2) Picture: the log as the platform's spine¶
This is the core mental model for the entire module. Memorize this one in ASCII.
PRODUCERS THE LOG (partitioned) CONSUMERS
(own offsets)
voice gateway ──┐ topic: interactions
chat widget ──┤── ingest (key=customer_id) ┌─ partition 0 ─ e e e e ───────┐ ┌─▶ ASR pipeline
upload service ─┘ ├─ partition 1 ─ e e e ─────────┤──fan──▶ ├─▶ image embedder
├─ partition 2 ─ e e e e e ─────┤ out ├─▶ text indexer
└─ partition 3 ─ e e ───────────┘ └─▶ compliance archive
▲ each tracks its own
same customer_id ───┘ always lands on the same partition offset; replay = reset
→ per-customer order preserved
BURST ▶ arrivals spike ──▶ log absorbs (retained, durable) ──▶ consumers drain at their own rate
the log is the shock absorber; freshness gap = how far behind the offsets fall
Three things this picture encodes. The key (customer_id) decides the partition, so all of one customer's events — call, chat, screenshot — land on the same partition in arrival order. Partitions are the unit of parallelism: four partitions means up to four ASR workers reading in parallel. And the offset gap — how far a consumer's offset trails the log head — is the freshness gap from chapter 01, now directly observable as a number called consumer lag.

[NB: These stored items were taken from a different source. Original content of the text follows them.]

(* Synthetic division of p by T + c: with d = deg p, the quotient has
   coefficients q_k = synth p c (d - k) k, i.e. q_k = max (p_(k+1), c q_(k+1))
   for k < d and q_k = 0 for k >= d. *)
Fixpoint synth (p : nat -> R) (c : R) (n k : nat) : R :=
  match n with
  | O => 0
  | S n' => Rmax (p (S k)) (c * synth p c n' (S k))
  end.

Lemma continuity_Rmax f g : continuity f -> continuity g -> continuity (fun c => Rmax (f c) (g c)).
Proof.
  intros Hf Hg x.
  apply continuity_pt_locally_ext with (f := fun c => (f c + g c + Rabs (f c - g c)) / 2) (a := 1).
  - lra.
  - intros y _; unfold Rmax, Rabs; destruct Rle_dec, Rcase_abs; lra.
  - change (fun c => (f c + g c + Rabs (f c - g c)) / 2) with
      (mult_fct (plus_fct (plus_fct f g) (comp Rabs (minus_fct f g))) (fct_cte (/ 2))).
    apply continuity_mult; [| apply continuity_const; intros ? ?; reflexivity].
    apply continuity_plus; [apply continuity_plus; auto |].
    apply continuity_comp; [apply continuity_minus; auto | apply Rcontinuity_abs].
Qed.

Lemma synth_continuous p n k : continuity (fun c => synth p c n k).
Proof.
  revert k; induction n as [|n IH]; intro k; simpl.
  - apply continuity_const; intros ? ?; reflexivity.
  - apply continuity_Rmax; [apply continuity_const; intros ? ?; reflexivity |].
    apply (continuity_mult id); auto. apply derivable_continuous, derivable_id.
Qed.

Lemma synth_nonneg p c n k : nneg p -> 0 <= c -> 0 <= synth p c n k.
Proof.
  intros Hp Hc; destruct n as [|n]; simpl; [lra |].
  apply Rle_trans with (p (S k)); [apply Hp | apply Rmax_l].
Qed.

3) The running example: three channels onto one log¶
Recall the platform: ~12k calls/day (audio), ~80k chat messages/day (text), ~9k screenshots/day (images). Put all three onto a log topic interactions, keyed by customer_id, so the copilot can read one customer's full cross-channel story in order.
14:32:01 produce {type:chat, customer:88213, body:"payment failed again"} → partition 1, offset 90412
14:32:03 produce {type:image, customer:88213, s3:"s3://raw/img/88213/..."} → partition 1, offset 90413
14:32:05 produce {type:audio, customer:88213, s3:"s3://raw/audio/88213/..."} → partition 1, offset 90414
All three on partition 1 (same customer), in order. The chat indexer reads offset 90412 and indexes it in ~2 seconds. The image embedder reads 90413. The ASR pipeline reads 90414 and starts transcribing. Each consumer advances independently. The copilot, querying at 14:32:10, can already see the chat; the transcript lands a couple of minutes later — exactly the modality freshness skew from chapter 01, now visible as different offsets advancing at different rates.

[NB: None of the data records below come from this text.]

Lemma horizontal_bound (a : R) (cx cy cz : R -> R) : pw_smooth cx cy cz ->
  forall U V, 0 <= U -> U <= V -> V <= 1 ->
  ex_RInt (speed a cx cy cz) U V /\
  sqrt ((cx V - cx U) ^ 2 + (cy V - cy U) ^ 2) <= RInt (speed a cx cy cz) U V.
Proof.
  intros Hpw U V HU HUV HV.
  set (dx := cx V - cx U); set (dy := cy V - cy U); set (D := sqrt (dx ^ 2 + dy ^ 2)).
  assert (HDD : D * D = dx ^ 2 + dy ^ 2) by (apply sqrt_sqrt; nra).
  assert (HD0 : 0 <= D) by apply sqrt_pos. clearbody D.
  destruct (Req_dec D 0) as [HD | HD].
  - destruct (linear_horizontal_bound a 0 0 cx cy cz Hpw ltac:(lra) U V) as [E B]; auto.
    split; [auto | lra].
  - assert (Dpos : 0 < D) by lra.
    destruct (linear_horizontal_bound a (dx / D) (dy / D) cx cy cz Hpw) with U V as [E B]; auto.
    + right. field_simplify; [rewrite <- HDD; field |]; lra.
    + split; [auto |]. eapply Rle_trans; [| exact B]. right.
      apply (Rmult_eq_reg_r D); [| lra]. fold dx dy.
      transitivity (dx ^ 2 + dy ^ 2); [lra |]. unfold dx, dy. field. lra.
Qed.

Lemma vertical_bound (cx cy cz : R -> R) : pw_smooth cx cy cz ->
  Rabs (cz 1 - cz 0) / 2 <= h_length (PI / 8) cx cy cz.
Proof.
  intro Hpw.
  assert (Hlin : forall c, Rabs c <= 1 / 2 -> c * cz 1 - c * cz 0 <= h_length (PI / 8) cx cy cz).
  { intros c Hc.
    apply (calibration (PI / 8) cx cy cz (fun _ _ z => c * z) (fun _ _ _ => True)); auto; try lra.
    intros gx gy gz _ _ [Dz _] u _.
    assert (Hd : is_derive (fun v => c * gz v) u (c * Derive gz u)) by (auto_derive; [auto | rewrite !Rmult_1_l; reflexivity]).
    split; [eexists; exact Hd |].
    replace (Derive (fun v : R => c * gz v) u) with (c * Derive gz u)
      by (symmetry; apply is_derive_unique, Hd).
    unfold speed, h_speed2.
    set (Z := Derive gz u); set (k := cos (distDelta (PI / 8) (gx u) (gy u))).
    assert (Hk : 1 / 2 < k) by (pose proof cos_PI4_gt_half; pose proof (cos_distDelta_ge (gx u) (gy u)); unfold k; lra).
    apply Rle_trans with (sqrt ((k * Z) ^ 2)).
    - rewrite <- Rsqr_pow2, sqrt_Rsqr_abs, Rabs_mult, (Rabs_right k) by lra.
      eapply Rle_trans; [apply Rle_abs |]. rewrite Rabs_mult.
      apply Rmult_le_compat_r; [apply Rabs_pos | lra].
    - apply sqrt_le_1_alt. pose proof (pow2_ge_0 (Derive gx u)). pose proof (pow2_ge_0 (Derive gy u)).
      rewrite Rpow_mult_distr. lra. }
  destruct (Rle_lt_dec 0 (cz 1 - cz 0)).
  - rewrite Rabs_right by lra. pose proof (Hlin (1 / 2) ltac:(rewrite Rabs_right; lra)). lra.
  - rewrite Rabs_left by lra.
    pose proof (Hlin (- (1 / 2)) ltac:(rewrite Rabs_Ropp, Rabs_right; lra)). lra.
Qed.

(** * The map to the unit 3-sphere *)

(* Only
   [q >= 0] matters; for [q <= 0] the first-order Taylor polynomials at [0] are used,
   which makes the functions differentiable at [q = 0]. *)
Definition cos_sqrt (q : R) : R := if Rle_dec q 0 then 1 - q / 2 else cos (sqrt q).
Definition sinc_sqrt (q : R) : R := if Rle_dec q 0 then 1 - q / 6 else sin (sqrt q) / sqrt q.
Definition cos_sqrt' (q : R) : R := - sinc_sqrt q / 2.
Definition sinc_sqrt' (q : R) : R :=
  if Rle_dec q 0 then - 1 / 6 else (cos_sqrt q - sinc_sqrt q) / (2 * q).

Notice what the key buys and costs. Buys: per-customer ordering, so the copilot never sees the screenshot before the chat that referenced it. Costs: if one customer (a power user, or a bot loop) floods a single partition, that partition becomes a hotspot — one partition's worth of throughput, no matter how many you have. We will hit that pathology in section 6.

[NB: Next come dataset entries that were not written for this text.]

Lemma integral_cst_indic (c : R) (S W : set pt) :
  measurable S -> measurable W -> 0 <= c ->
  (\int[mu]_(y in W) (c%:E * (\1_S y)%:E) = c%:E * mu (S `&` W))%E.
Proof.
move=> mS mW c0; rewrite ge0_integralZl_EFin ?integral_indic //.
by apply/measurable_EFinP; exact: measurable_indic.
Qed.

Lemma measurable_fun_cst_indic (c : R) (S W : set pt) : measurable S ->
  measurable_fun W (fun y => c%:E * (\1_S y)%:E)%E.
Proof.
move=> mS; apply: emeasurable_funM; first exact: measurable_cst.
by apply/measurable_EFinP; exact: measurable_indic.
Qed.

(* The indicator term covers the points of depth t at w that drop below t at w'. *)
Lemma density_le_shift (n1 n2 : nat) (b : bool) : (n1 <= n2 + 1)%N ->
  ((t <= n1)%N -> b) ->
  (if (t <= n1)%N then score_weight n1 else 0) <=
  expR (eps / 2) * (if (t <= n2)%N then score_weight n2 else 0) +
  score_weight t * b%:R.
Proof.
move=> n12 hb.
have w2 : 0 <= (if (t <= n2)%N then score_weight n2 else 0).
  by case: ifP => // _; exact: expR_ge0.
have e0 := expR_ge0 (eps / 2); have wt := expR_ge0 (eps * t%:R / 2).
case: ifPn => t1; last by apply: addr_ge0; apply: mulr_ge0 => //.
rewrite (hb t1) mulr1; case: ifPn => t2.
  rewrite -score_weightS; apply: ler_wpDr => //; apply: score_weight_le; lia.
by rewrite mulr0 add0r; apply: score_weight_le; lia.
Qed.

Lemma integral_density_le_shift w w' (A W : set pt) :
  measurable A -> measurable W ->
  (forall y, (Ttilde w y <= Ttilde w' y + 1)%N) ->
  (forall y, (t <= Ttilde w y)%N -> A y) ->
  (\int[mu]_(y in W) dens w y <=
   (expR (eps / 2))%:E * \int[mu]_(y in W) dens w' y + (score_weight t)%:E * mu A)%E.
Proof.
move=> mA mW hT hA.
have mdW w1 := measurable_funS measurableT (@subsetT _ W) (measurable_mech_density eps t w1).
have m1 : measurable_fun W (fun y => (expR (eps / 2))%:E * dens w' y)%E.
  by apply: emeasurable_funM => //; exact: measurable_cst.
have p1 y : W y -> (0 <= (expR (eps / 2))%:E * dens w' y)%E.
  by move=> _; apply: mule_ge0; [rewrite lee_fin expR_ge0|exact: mech_density_ge0].
have p2 y : W y -> (0 <= (score_weight t)%:E * (\1_A y)%:E)%E.
  by move=> _; apply: mule_ge0; rewrite lee_fin ?expR_ge0.
apply: le_trans (_ : (\int[mu]_(y in W) ((expR (eps / 2))%:E * dens w' y +
   (score_weight t)%:E * (\1_A y)%:E) <= _)%E).
  apply: ge0_le_integral => //; first by move=> y _; exact: mech_density_ge0.
    by apply: emeasurable_funD => //; exact: measurable_fun_cst_indic.
  move=> y _; rewrite !mech_densityE indicE -!EFinM -EFinD lee_fin.
  by apply: density_le_shift; [exact: hT|move=> /hA Ay; rewrite mem_set].
rewrite ge0_integralD //; last exact: measurable_fun_cst_indic.
rewrite ge0_integralZl_EFin ?expR_ge0 //; last by move=> y _; exact: mech_density_ge0.
rewrite integral_cst_indic ?expR_ge0 //.
apply: leeD => //; apply: lee_pmul; rewrite ?lee_fin ?expR_ge0 //.
by apply: le_measure; rewrite ?inE //; exact: measurableI.
Qed.

Lemma integral_density_le_support w (A : set pt) : measurable A ->
  (forall y, (t <= Ttilde w y)%N -> A y) ->
  (\int[mu]_(y in setT) dens w y <= (score_weight (size w))%:E * mu A)%E.
Proof.
move=> mA hA; rewrite -[A in mu A]setIT -integral_cst_indic ?expR_ge0 //.
apply: ge0_le_integral => //.
- by move=> y _; exact: mech_density_ge0.
- exact: measurable_mech_density.
- exact: measurable_fun_cst_indic.
move=> y _; rewrite mech_densityE indicE -EFinM lee_fin.
case: ifPn => ht; last by apply: mulr_ge0; rewrite ?expR_ge0.
by rewrite (mem_set (hA _ ht)) mulr1; apply/score_weight_le/Ttilde_le_size.
Qed.

Lemma integral_density_ge_level w (q : nat) : (t <= q)%N ->
  ((score_weight q)%:E * mu [set y | (q <= Ttilde w y)%N] <=
   \int[mu]_(y in setT) dens w y)%E.
Proof.
move=> tq; rewrite -[X in (_ * mu X)%E]setIT -integral_cst_indic ?expR_ge0 //;
  last exact: measurable_Ttilde_geq.
apply: ge0_le_integral => //.
- by move=> y _; apply: mule_ge0; rewrite lee_fin ?expR_ge0.
- by apply: measurable_fun_cst_indic; exact: measurable_Ttilde_geq.
- exact: measurable_mech_density.
move=> y _; rewrite mech_densityE indicE -EFinM lee_fin.
case: (boolP (y \in _)) => [/set_mem /= hq|_].
  by rewrite mulr1 ifT; [exact: score_weight_le|exact: leq_trans hq].
by rewrite mulr0; case: ifP => // _; exact: expR_ge0.
Qed.

Lemma integral_density_fin w (W : set pt) : measurable W ->
  (\int[mu]_(y in setT) dens w y < +oo)%E ->
  [/\ (\int[mu]_(y in W) dens w y = (fine (\int[mu]_(y in W) dens w y))%:E)%E,
      0 <= fine (\int[mu]_(y in W) dens w y) &
      fine (\int[mu]_(y in W) dens w y) <= fine (\int[mu]_(y in setT) dens w y)].
Proof.
move=> mW hoo.
have h0 : (0 <= \int[mu]_(y in W) dens w y)%E.
  by apply: integral_ge0 => y _; exact: mech_density_ge0.
have hle : (\int[mu]_(y in W) dens w y <= \int[mu]_(y in setT) dens w y)%E.
  apply: ge0_subset_integral => //; first exact: measurable_mech_density.
  by move=> y _; exact: mech_density_ge0.
split; [|exact: fine_ge0|exact: fine_le_lty].
by rewrite fineK // ge0_fin_numE //; exact: le_lt_trans hoo.
Qed.

End DensityIntegrals.

Lemma ler_ratio_shift (R : realFieldType) (e E delta J1 J2 Z1 Z2 : R) :
  1 <= e -> 0 < Z1 -> 0 < Z2 -> 0 <= J2 -> J2 <= Z2 ->
  J1 <= e * J2 + E -> Z2 <= e * Z1 + E -> 0 <= E -> E <= delta * Z1 ->
  J1 / Z1 <= e * e * (J2 / Z2) + 4 * (e * e) * delta.
Proof.
move=> e1 Z1_gt0 Z2_gt0 J2_ge0 J2Z2 J1J2 Z2Z1 E_ge0 Edelta.
(* With Q = J2 / Z2 in [0, 1]:
   J1 <= e Q Z2 + E <= e^2 Q Z1 + (e Q + 1) E <= e^2 Q Z1 + (e + 1) delta Z1. *)
set Q := J2 / Z2.
have J2E : J2 = Q * Z2 by rewrite /Q divfK // gt_eqF.
have Q_ge0 : 0 <= Q by rewrite /Q divr_ge0 // ltW.
have Q_le1 : Q <= 1 by rewrite /Q ler_pdivrMr // mul1r.
have delta_ge0 : 0 <= delta.
  by rewrite -(pmulr_lge0 _ Z1_gt0); exact: le_trans Edelta.
rewrite ler_pdivrMr //.
have eQ_ge0 : 0 <= e * Q by apply: mulr_ge0 => //; lra.
have s1 : e * Q * Z2 <= e * Q * (e * Z1 + E).
  by have := mulr_ge0 eQ_ge0 (_ : 0 <= e * Z1 + E - Z2); nra.
have s2 : e * Q * E <= e * delta * Z1.
  have QE : Q * E <= E by have := mulr_ge0 (_ : 0 <= 1 - Q) E_ge0; nra.
  by have := mulr_ge0 (_ : 0 <= e) (_ : 0 <= delta * Z1 - Q * E); nra.
have dZ := mulr_ge0 delta_ge0 (ltW Z1_gt0).
have := mulr_ge0 dZ (_ : 0 <= 2 * e * e - e).
have := mulr_ge0 dZ (_ : 0 <= 2 * e * e - 1).
rewrite J2E mulrA in J1J2; nra.
Qed.

Section MechanismIndistinguishability.
Variables (R : realType) (d : nat) (eps delta : R) (t : nat).
Hypothesis eps_ge0 : 0 <= eps.
Local Notation pt := (d.-tuple (measurableTypeR R)).
Local Notation mu := (lebesgue_tuple R d : {measure set pt -> \bar R}).
Local Notation Z w := (\int[mu]_(y in setT) mech_density eps t w y)%E.
Implicit Types (w : database R d).

Lemma mechE w W :
  mech eps t w W = fine (\int[mu]_(y in W) mech_density eps t w y)%E / fine (Z w).
Proof. by rewrite /mech lebesgue_dE. Qed.

Lemma normaliser_lty w (A : set pt) : measurable A -> (mu A < +oo)%E ->
  (forall y, (t <= Ttilde w y)%N -> A y) -> (Z w < +oo)%E.
Proof.
move=> mA Aoo hA; apply: le_lt_trans (integral_density_le_support eps_ge0 mu mA hA) _.
by apply: lte_mul_pinfty; rewrite ?lee_fin ?expR_ge0.
Qed.

Section NeighbouringDatabases.
Variables (w1 w2 : database R d) (A : set pt).
Hypotheses (mA : measurable A) (Aoo : (mu A < +oo)%E).
Hypotheses (T12 : forall y, (Ttilde w1 y <= Ttilde w2 y + 1)%N)
           (T21 : forall y, (Ttilde w2 y <= Ttilde w1 y + 1)%N).
Hypotheses (A1 : forall y, (t <= Ttilde w1 y)%N -> A y)
           (A2 : forall y, (t <= Ttilde w2 y)%N -> A y).
Hypotheses (Z1_gt0 : 0 < fine (Z w1)) (Z2_gt0 : 0 < fine (Z w2)).

Lemma mech_le_shift W : measurable W ->
  score_weight eps t * fine (mu A) <= delta * fine (Z w1) ->
  mech eps t w1 W <= expR eps * mech eps t w2 W + 4 * expR eps * delta.
Proof.
move=> mW hE.
have Z1oo := normaliser_lty mA Aoo A1; have Z2oo := normaliser_lty mA Aoo A2.
have [J1E _ _] := integral_density_fin mW Z1oo.
have [J2E J2_ge0 J2Z2] := integral_density_fin mW Z2oo.
have [Z1E _ _] := integral_density_fin measurableT Z1oo.
have [Z2E _ _] := integral_density_fin measurableT Z2oo.
have AE : mu A = (fine (mu A))%:E by rewrite fineK // ge0_fin_numE // measure_ge0.
have J12 := integral_density_le_shift eps_ge0 mu mA mW T12 A1.
have Z21 := integral_density_le_shift eps_ge0 mu mA measurableT T21 A2.
rewrite J1E J2E AE -!EFinM -EFinD lee_fin in J12.
rewrite Z1E Z2E AE -!EFinM -EFinD lee_fin in Z21.
have -> : expR eps = expR (eps / 2) * expR (eps / 2).
  by rewrite -expRD; congr expR; field.
have e_ge1 : 1 <= expR (eps / 2) by rewrite -expR0 ler_expR divr_ge0.
have E_ge0 : 0 <= score_weight eps t * fine (mu A).
  by apply: mulr_ge0; [exact: expR_ge0|exact/fine_ge0/measure_ge0].
rewrite !mechE.
exact: (ler_ratio_shift e_ge1 Z1_gt0 Z2_gt0 J2_ge0 J2Z2 J12 Z21 E_ge0 hE).
Qed.

End NeighbouringDatabases.

Lemma indist_mech w1 w2 (A : set pt) : measurable A -> (mu A < +oo)%E ->
  (forall y, (Ttilde w2 y <= Ttilde w1 y + 1)%N /\ (Ttilde w1 y <= Ttilde w2 y + 1)%N) ->
  (forall y, (t <= Ttilde w1 y)%N -> A y) -> (forall y, (t <= Ttilde w2 y)%N -> A y) ->
  0 < fine (Z w1) -> 0 < fine (Z w2) ->
  score_weight eps t * fine (mu A) <= delta * fine (Z w1) ->
  score_weight eps t * fine (mu A) <= delta * fine (Z w2) ->
  indist eps (4 * expR eps * delta) (mech eps t w1) (mech eps t w2).
Proof.
move=> mA Aoo T A1 A2 Z1 Z2 h1 h2 W mW.
have T12 y := (T y).2; have T21 y := (T y).1.
split; [exact: (mech_le_shift mA Aoo T12 T21 A1 A2 Z1 Z2 mW h1)
       |exact: (mech_le_shift mA Aoo T21 T12 A2 A1 Z2 Z1 mW h2)].
Qed.

End MechanismIndistinguishability.

Section FarFromUnsafe.
Variables (R : realType) (d : nat) (eps delta : R) (t : nat).
Hypotheses (eps_gt0 : 0 < eps) (delta_gt0 : 0 < delta).
Local Notation pt := (d.-tuple (measurableTypeR R)).
Local Notation mu := (lebesgue_tuple R d : {measure set pt -> \bar R}).
Local Notation Z w := (\int[mu]_(y in setT) mech_density eps t w y)%E.
Implicit Types (D w z : database R d).

Lemma V_le_normaliser D w (k g h : nat) : (h <= k)%N ->
  (forall y, (Ttilde D y <= Ttilde w y + h.+1)%N) ->
  ((score_weight eps (t + (k - h) + g))%:E * V (t%:Z + k%:Z + g%:Z + 1) D <= Z w)%E.
Proof.
move=> hk hT; have tq : (t <= t + (k - h) + g)%N by rewrite -addnA leq_addr.
apply: le_trans (@integral_density_ge_level _ _ _ _ (ltW eps_gt0) mu w _ tq).
apply: lee_wpmul2l; first by rewrite lee_fin expR_ge0.
rewrite VE; apply: le_measure; rewrite ?inE;
  [exact: measurable_Ttilde_ge|exact: measurable_Ttilde_geq|].
by move=> y /= hy; have := hT y; lia.
Qed.

Lemma support_mass_le_delta_normaliser D w (A : set pt) (k g h : nat) :
  (h <= k)%N -> (forall y, (Ttilde D y <= Ttilde w y + h.+1)%N) ->
  (mu A <= V (t%:Z - k%:Z - 1) D)%E -> (V (t%:Z - k%:Z - 1) D < +oo)%E ->
  (0 < V (t%:Z + k%:Z + g%:Z + 1) D)%E ->
  fine (V (t%:Z - k%:Z - 1) D) / fine (V (t%:Z + k%:Z + g%:Z + 1) D) *
    expR (- (eps * g%:R) / 2) <= delta ->
  (Z w < +oo)%E ->
  0 < fine (Z w) /\ score_weight eps t * fine (mu A) <= delta * fine (Z w).
Proof.
move=> hk hT Aa aoo b_gt0 ratio Zoo.
have bZ := V_le_normaliser g hk hT.
set a := V _ D in Aa aoo ratio; set b := V _ D in b_gt0 ratio bZ.
set q := (t + (k - h) + g)%N in bZ.
have boo : (b < +oo)%E by apply: le_lt_trans aoo; apply: le_V_level; lia.
have fb_gt0 : 0 < fine b by rewrite fine_gt0 // b_gt0 boo.
have {}bZ : score_weight eps q * fine b <= fine (Z w).
  rewrite -[score_weight _ _]/(fine (score_weight eps q)%:E) -fineM //;
    last by rewrite ge0_fin_numE // ltW.
  by apply: fine_le_lty Zoo => //; rewrite mule_ge0 ?lee_fin ?expR_ge0 // ltW.
have Z_gt0 : 0 < fine (Z w).
  by apply: lt_le_trans bZ; rewrite mulr_gt0 ?expR_gt0.
split => //.
have fA : fine (mu A) <= fine a by exact: fine_le_lty (measure_ge0 _ _) Aa aoo.
have fA_ge0 : 0 <= fine (mu A) by exact/fine_ge0/measure_ge0.
set X := expR (- (eps * g%:R) / 2) in ratio.
have fa_X : fine a * X <= delta * fine b.
  by move: ratio; rewrite mulrAC ler_pdivrMr.
have weight_t : score_weight eps t <= X * score_weight eps q.
  by apply: (score_weight_shift (ltW eps_gt0)); rewrite /q -addnA leq_add2l leq_addl.
apply: le_trans (ler_pM (expR_ge0 _) fA_ge0 weight_t fA) _.
apply: le_trans (ler_wpM2l (ltW delta_gt0) bZ).
have -> : X * score_weight eps q * fine a = score_weight eps q * (fine a * X).
  by ring.
by rewrite [delta * _]mulrCA; apply: ler_wpM2l fa_X; exact: expR_ge0.
Qed.

Lemma safe_of_goodk_ge_dH D z (k : nat) :
  goodk eps delta t D k -> (dH D z <= k)%N -> safe eps (4 * expR eps * delta) t z.
Proof.
move=> [g [_ /= [aoo b_gt0 ratio]]] hk z' nb.
set A := [set y | (t - 1 <= Ttilde z y)%N].
have mA : measurable A by exact: measurable_Ttilde_geq.
have Tzz' y := Ttilde_neighbor y nb.
have Aa : (mu A <= V (t%:Z - k%:Z - 1) D)%E.
  rewrite VE; apply: le_measure; rewrite ?inE; [exact: mA|exact: measurable_Ttilde_ge|].
  by move=> y; rewrite /A /=; have := Ttilde_dH D z y; lia.
have Aoo := le_lt_trans Aa aoo.
have Az y : (t <= Ttilde z y)%N -> A y by rewrite /A /=; lia.
have Az' y : (t <= Ttilde z' y)%N -> A y by have := Tzz' y; rewrite /A /=; lia.
have Dz y : (Ttilde D y <= Ttilde z y + (dH D z).+1)%N.
  by have := Ttilde_dH D z y; lia.
have Dz' y : (Ttilde D y <= Ttilde z' y + (dH D z).+1)%N.
  by have := Ttilde_dH D z y; have := Tzz' y; lia.
have [Z_gt0 mass_z] := support_mass_le_delta_normaliser hk Dz Aa aoo b_gt0 ratio
  (normaliser_lty (ltW eps_gt0) mA Aoo Az).
have [Z'_gt0 mass_z'] := support_mass_le_delta_normaliser hk Dz' Aa aoo b_gt0 ratio
  (normaliser_lty (ltW eps_gt0) mA Aoo Az').
by apply: (indist_mech (ltW eps_gt0) mA Aoo).
Qed.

4) Rule: the log absorbs bursts; backpressure decides what happens when it can't keep up downstream¶
The chapter's invariant: a durable log decouples producer rate from consumer rate, so a burst is absorbed as retained data and felt as growing consumer lag — until the lag exceeds what freshness or retention allows, at which point you must buffer more, slow producers, or drop. Backpressure is not a feature you turn on. It is the policy for what happens at that breaking point, and it is a choice you make on purpose or suffer by accident.
The flow of the pressure, end to end:
producers fast ─▶ log buffers (cheap, durable) ─▶ consumers slow ─▶ lag grows
│
┌───────────────────┼───────────────────┐
▼ ▼ ▼
BUFFER MORE SLOW PRODUCERS DROP
(raise retention, (reject / throttle (shed load:
scale storage) at the gateway) sample, TTL)
Teacher voice. The log buys you time, not infinity. People hear "Kafka decouples producers and consumers" and assume the problem is solved forever. It is not — it is deferred. The lag grows silently inside the log, and if you never look at the offset gap, the first signal you get is data falling off the retention window unprocessed: silent loss. The log turns a loud, immediate failure (queue full, requests rejected) into a quiet, delayed one. That trade is good only if you watch the lag.
5) The Monday flood through the three backpressure choices¶
Stress test: Monday 09:00. Three weeks of weekend problems. Calls arrive at 600/min. ASR consumers process 200/min. The log absorbs the difference at 400/min of growing backlog. Retention is 24 hours. What do you do?
Attempt A — buffer more (raise retention, hope it drains)¶
The log can hold the backlog: at 400/min surplus over a 2-hour surge, that is ~48k extra calls buffered. If retention is 24 h and the surge ends by 11:00, consumers drain the backlog over the afternoon. By 16:00 lag is back to seconds.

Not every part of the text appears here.